LekoNTT.com: Membaca Dahulu, Berkomentar Kemudian
Steven Adler: dari Guns N' Roses, Narkoba, hingga Buku - Leko NTT

Steven Adler: dari Guns N' Roses, Narkoba, hingga Buku


Oleh: Derby Asmaningrum*


Saya tidak tahu apakah ini hanya sebuah sensasi atau memang benar-benar sebuah kegagalan eksekusi, nama Steven Adler pada 28 Juni 2019 lalu tiba-tiba mencuat dalam pemberitaan dunia hiburan khususnya musik. Oleh sebab insiden tusuk-menusuk perut, ia harus dilarikan ke rumah sakit.
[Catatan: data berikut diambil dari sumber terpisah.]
(* Fix $\gamma\in\mathbb{R}$. Let $G$ be the directed graph whose vertices are the species $1,\dots,s_0$, with a directed edge from $i$ to $j$ whenever there is a reaction $k$ with $\zeta_{ik}<0$ and $\zeta_{jk}>0$, and let $G_1,\dots,G_p$ be its maximal strongly connected subgraphs (single vertices count as strongly connected). Let $\theta\in[0,\infty)^{s_0}$ and write $\theta=\sum_{j=1}^m\theta^j$ with $\theta^j\in[0,\infty)^{s_0}$, where $\mathrm{supp}(\theta^j)$ is contained in the vertex set of a maximal strongly connected subgraph $G_{i_j}$ and $G_{i_j}\ne G_{i_l}$ for $j\neq l$. Then: (i) if Condition 3.2 holds at $\gamma$ for each $\theta^j$, it holds at $\gamma$ for $\theta$; (ii) if the balance equation (B) holds for each $\theta^j$, then (B) holds for $\theta$; (iii) if the time-scale constraint (T) at $\gamma$ holds for each $\theta^j$, then (T) at $\gamma$ holds for $\theta$. Consequently, if Condition 3.2 (resp. (B), resp. (T) at $\gamma$) holds for every $\theta\in[0,\infty)^{s_0}$ whose support lies in the vertex set of some strongly connected subgraph of $G$, then it holds for every $\theta\in[0,\infty)^{s_0}$.
   Context: Fix integers $s_0,r_0\ge 1$ and, for $k=1,\dots,r_0$, vectors $\nu_k,\nu_k'\in\mathbb{N}^{s_0}$ (reactant and product vectors of reaction $k$); set $\zeta_k=\nu_k'-\nu_k$. Fix $\alpha\in[0,\infty)^{s_0}$ and $\beta\in\mathbb{R}^{r_0}$ and set $\rho_k=\beta_k+\nu_k\cdot\alpha$. For $\theta\in[0,\infty)^{s_0}$ let $\Gamma_\theta^+=\{k:\theta\cdot\zeta_k>0\}$, $\Gamma_\theta^-=\{k:\theta\cdot\zeta_k<0\}$ and $\mathrm{supp}(\theta)=\{i:\theta_i>0\}$. A maximum over the empty set is $-\infty$. For $\theta\in[0,\infty)^{s_0}$ and $\gamma\in\mathbb{R}$: the balance equation for $\theta$ is (B) $\max_{k\in\Gamma_\theta^-}\rho_k=\max_{k\in\Gamma_\theta^+}\rho_k$; the time-scale constraint for $\theta$ at $\gamma$ is (T) $\gamma\le\max_{i:\theta_i>0}\alpha_i-\max_{k\in\Gamma_\theta^+\cup\Gamma_\theta^-}\rho_k$; Condition 3.2 holds for $\theta$ at $\gamma$ if (B) or (T) holds. *)

(* Reaction-network data over an arbitrary real field R
   (the paper uses R = the reals; the statement is purely order-algebraic). *)
From HB Require Import structures.
From mathcomp Require Import all_boot all_order all_algebra.
Set Implicit Arguments. Unset Strict Implicit. Unset Printing Implicit Defensive.
Import Order.TTheory GRing.Theory Num.Theory.
Local Open Scope ring_scope.

(* Maximum of a finite list, with None standing for -infinity (max of []). *)
Definition omax (R : realDomainType) (s : seq R) : option R :=
  foldr (fun x o => Some (match o with None => x | Some y => Num.max x y end))
        None s.

Definition omax_over (T : finType) (R : realDomainType) (P : pred T) (f : T -> R)
  : option R := omax [seq f k | k <- enum P].

Section Network.
Variables (R : realFieldType) (s0 r0 : nat).
(* nu k i, nu' k i : reactant / product coefficient of species i in reaction k *)
Variables (nu nu' : 'I_r0 -> 'I_s0 -> nat).
Variables (alpha : 'I_s0 -> R) (beta : 'I_r0 -> R).

Definition zeta (i : 'I_s0) (k : 'I_r0) : int := (nu' k i)%:Z - (nu k i)%:Z.

Definition dotz (theta : 'I_s0 -> R) (k : 'I_r0) : R :=
  \sum_(i < s0) theta i * (zeta i k)%:~R.

Definition rho (k : 'I_r0) : R := beta k + \sum_(i < s0) (nu k i)%:R * alpha i.

Definition Gamma_plus (theta : 'I_s0 -> R) : pred 'I_r0 :=
  fun k => 0 < dotz theta k.
Definition Gamma_minus (theta : 'I_s0 -> R) : pred 'I_r0 :=
  fun k => dotz theta k < 0.
Definition supp (theta : 'I_s0 -> R) : pred 'I_s0 := fun i => 0 < theta i.

Definition balance (theta : 'I_s0 -> R) : Prop :=
  omax_over (Gamma_minus theta) rho = omax_over (Gamma_plus theta) rho.

(* (T): gamma <= max_{supp} alpha - max_{Gamma+ u Gamma-} rho, in extended
   arithmetic: x - (-oo) = +oo (so (T) holds when Gamma+ u Gamma- is empty),
   and (-oo) - r = -oo for finite r. *)
Definition timescale (gamma : R) (theta : 'I_s0 -> R) : Prop :=
  match omax_over (supp theta) alpha,
        omax_over (predU (Gamma_plus theta) (Gamma_minus theta)) rho with
  | _, None => True
  | Some a, Some r => gamma <= a - r
  | None, Some _ => False
  end.

Definition cond32 (gamma : R) (theta : 'I_s0 -> R) : Prop :=
  balance theta \/ timescale gamma theta.

Definition sgraph : rel 'I_s0 :=
  fun i j => [exists k : 'I_r0, (zeta i k < 0) && (0 < zeta j k)].

Definition same_scc (i j : 'I_s0) : bool :=
  connect sgraph i j && connect sgraph j i.

End Network.

From Pilot Require Import Defs.
From HB Require Import structures.
From mathcomp Require Import all_boot all_order all_algebra.
From Stdlib Require Import Classical.
Set Implicit Arguments. Unset Strict Implicit. Unset Printing Implicit Defensive.
Import Order.TTheory GRing.Theory Num.Theory.
Local Open Scope ring_scope.

(* Since theta.zeta_k is the sum of the theta^j.zeta_k, every reaction in
   Gamma^+(theta) u Gamma^-(theta) lies in Gamma^+ u Gamma^- of some piece, and
   supp theta contains every supp theta^j; this alone transfers (T).
   For (B), a reaction consumed by piece j and produced by piece l gives an edge
   from the component of j to that of l, so pieces are strictly ordered by
   reachability of their components.  Let M be the largest rho over reactions
   active in some piece.  A most downstream piece active at level M has, by its
   own balance equation, a reaction of level M in its Gamma^-; no other piece
   produces it, as that piece would lie further downstream, so it is in
   Gamma^-(theta).  Dually a most upstream one gives Gamma^+(theta) at level M.
   For Condition 3.2: if (T) fails for theta, it fails for every piece active
   at level M, which therefore balances, and that is all the argument uses.
   The second half follows by splitting theta along the components. *)

Section Omax.
Variable R : realDomainType.

Lemma omax_eq0 (s : seq R) : (omax s == None) = (s == [::]).
Proof. by case: s. Qed.

Lemma omax_mem (s : seq R) x :
  omax s = Some x -> x \in s /\ {in s, forall y, y <= x}.
Proof.
elim: s x => [|a s IH] x //= [<-].
case E: (omax s) => [z|]; last first.
  by move/eqP: E; rewrite omax_eq0 => /eqP->; split=> [|y]; rewrite inE // => /eqP->.
have [zs zmax] := IH z E; split.
  by rewrite /Num.max; case: ifP; rewrite inE ?zs ?eqxx ?orbT.
by move=> y; rewrite inE le_max => /predU1P[->|/zmax->]; rewrite ?lexx ?orbT.
Qed.

Lemma omaxP (s : seq R) x :
  omax s = Some x <-> x \in s /\ {in s, forall y, y <= x}.
Proof.
split; first exact: omax_mem.
case=> xs xmax; case E: (omax s) => [z|]; last first.
  by move/eqP: E; rewrite omax_eq0 => /eqP E; rewrite E in xs.
have [zs zmax] := omax_mem E.
by congr Some; apply/eqP; rewrite eq_le zmax // xmax.
Qed.

Variables (T : finType) (P : pred T) (f : T -> R).

Lemma omax_overP x :
  omax_over P f = Some x <-> (exists2 k, P k & f k = x) /\ (forall k, P k -> f k <= x).
Proof.
rewrite /omax_over omaxP; split.
  case=> /mapP[k]; rewrite mem_enum => Pk -> fmax; split; first by exists k.
  by move=> k' Pk'; apply: fmax; rewrite map_f ?mem_enum.
case=> -[k Pk <-] fmax; split; first by rewrite map_f ?mem_enum.
by move=> _ /mapP[k' Pk' ->]; apply: fmax; rewrite mem_enum in Pk'.
Qed.

Lemma omax_over_None : omax_over P f = None <-> (forall k, ~~ P k).
Proof.
rewrite /omax_over; apply: (iff_trans (rwP eqP)); rewrite omax_eq0.
split=> [/eqP s0 k | P0].
  apply/negP=> Pk.
  have: f k \in [seq f k | k <- enum P] by rewrite map_f ?mem_enum.
  by rewrite s0.
suff -> : enum P = [::] by [].
by rewrite -enum0; apply: eq_enum => k; rewrite !inE; exact: negbTE (P0 k).
Qed.

Lemma eq_omax_over (Q : pred T) : P =1 Q -> omax_over P f = omax_over Q f.
Proof. by move=> PQ; rewrite /omax_over (eq_enum PQ). Qed.

End Omax.

Section SignedSums.
Variables (R : realDomainType) (I : finType) (P : pred I) (F : I -> R).

Lemma sumr_neq0_term : \sum_(i | P i) F i != 0 -> exists2 i, P i & F i != 0.
Proof.
have [/exists_inP[i Pi Fi] _|/exists_inPn F0] := boolP [exists (i | P i), F i != 0].
  by exists i.
by rewrite big1 ?eqxx // => i /F0; rewrite negbK => /eqP.
Qed.

Lemma sumr_lt0_term : \sum_(i | P i) F i < 0 -> exists2 i, P i & F i < 0.
Proof.
have [/exists_inP[i Pi Fi] _|/exists_inPn F0] := boolP [exists (i | P i), F i < 0].
  by exists i.
by rewrite ltNge sumr_ge0 // => i /F0; rewrite -leNgt.
Qed.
Tak lama, pihaknya menyatakan bahwa kejadian itu tidak disengajai dan bukan percobaan bunuh diri. Ketika saya baca update-nya di media online beberapa hari kemudian, ternyata pria berusia 54 tahun itu mengabarkan bahwa dirinya masih hidup dan dalam kondisi sehat. Informasi tersebut tanpa merinci kronologi di balik perbuatannya yang sebetulnya ingin sekali saya ketahui. Entahlah jika ia memang memilih untuk menyembunyikan sesuatu.

Steven Adler (kedua dari kanan) drummer asli Guns N' Roses (GNR), band hard rock yang menggemparkan jagat raya pada akhir tahun 80-an. (Ki-ka): Duff McKagan (bass), Slash (lead guitar), Axl Rose (vokal) dan paling kanan Izzy Stradlin (rhythm guitar). (Foto: rollingstone.com/Ross Halfin)

Siapakah Steven Adler? Pastinya bukan tetangga sebelah rumah saya. Steven Adler yang terlahir dengan nama Michael Coletti ini adalah drummer pertama Guns N' Roses (GNR), band beraliran hard rock yang musiknya mendapat pengaruh dari AC/DC, Queen hingga Aerosmith.

Terbentuk pada tahun 1985 setelah ribet bongkar pasang personil, band yang akhirnya beranggotakan Axl Rose (vokal), Slash (lead guitar), Duff McKagan (bass), Izzy Stradlin (rhythm guitar) dan Steven Adler sendiri, telah melahirkan sebuah album studio perdana dahsyat. Appetite for Destruction (1987) yang seketika menarik perhatian dunia musik rock, terjual lebih dari 30 juta kopi di seluruh dunia. Disebut-sebut sebagai salah satu album terbaik sepanjang masa.

Lagu-lagu pada album itu timeless, melegenda dan memberikan appetite tersendiri buat kuping para rock n' rollers, sebut saja Welcome To the Jungle yang merupakan ekspresi kelima anak muda ini tentang ganas dan carut-marutnya kehidupan yang mereka jalani. Paradise City yang bercerita tentang kampung asal mereka yakni Los Angeles, Amerika Serikat atau lagu sayang-sayangan Sweet Child O Mine yang liriknya manis-manis gulali gula jawa ditulis sang frontman Axl Rose terinspirasi kekasih tercintanya saat itu, Erin Everly, puteri dari Don Everly, salah satu personil duo Everly Brothers.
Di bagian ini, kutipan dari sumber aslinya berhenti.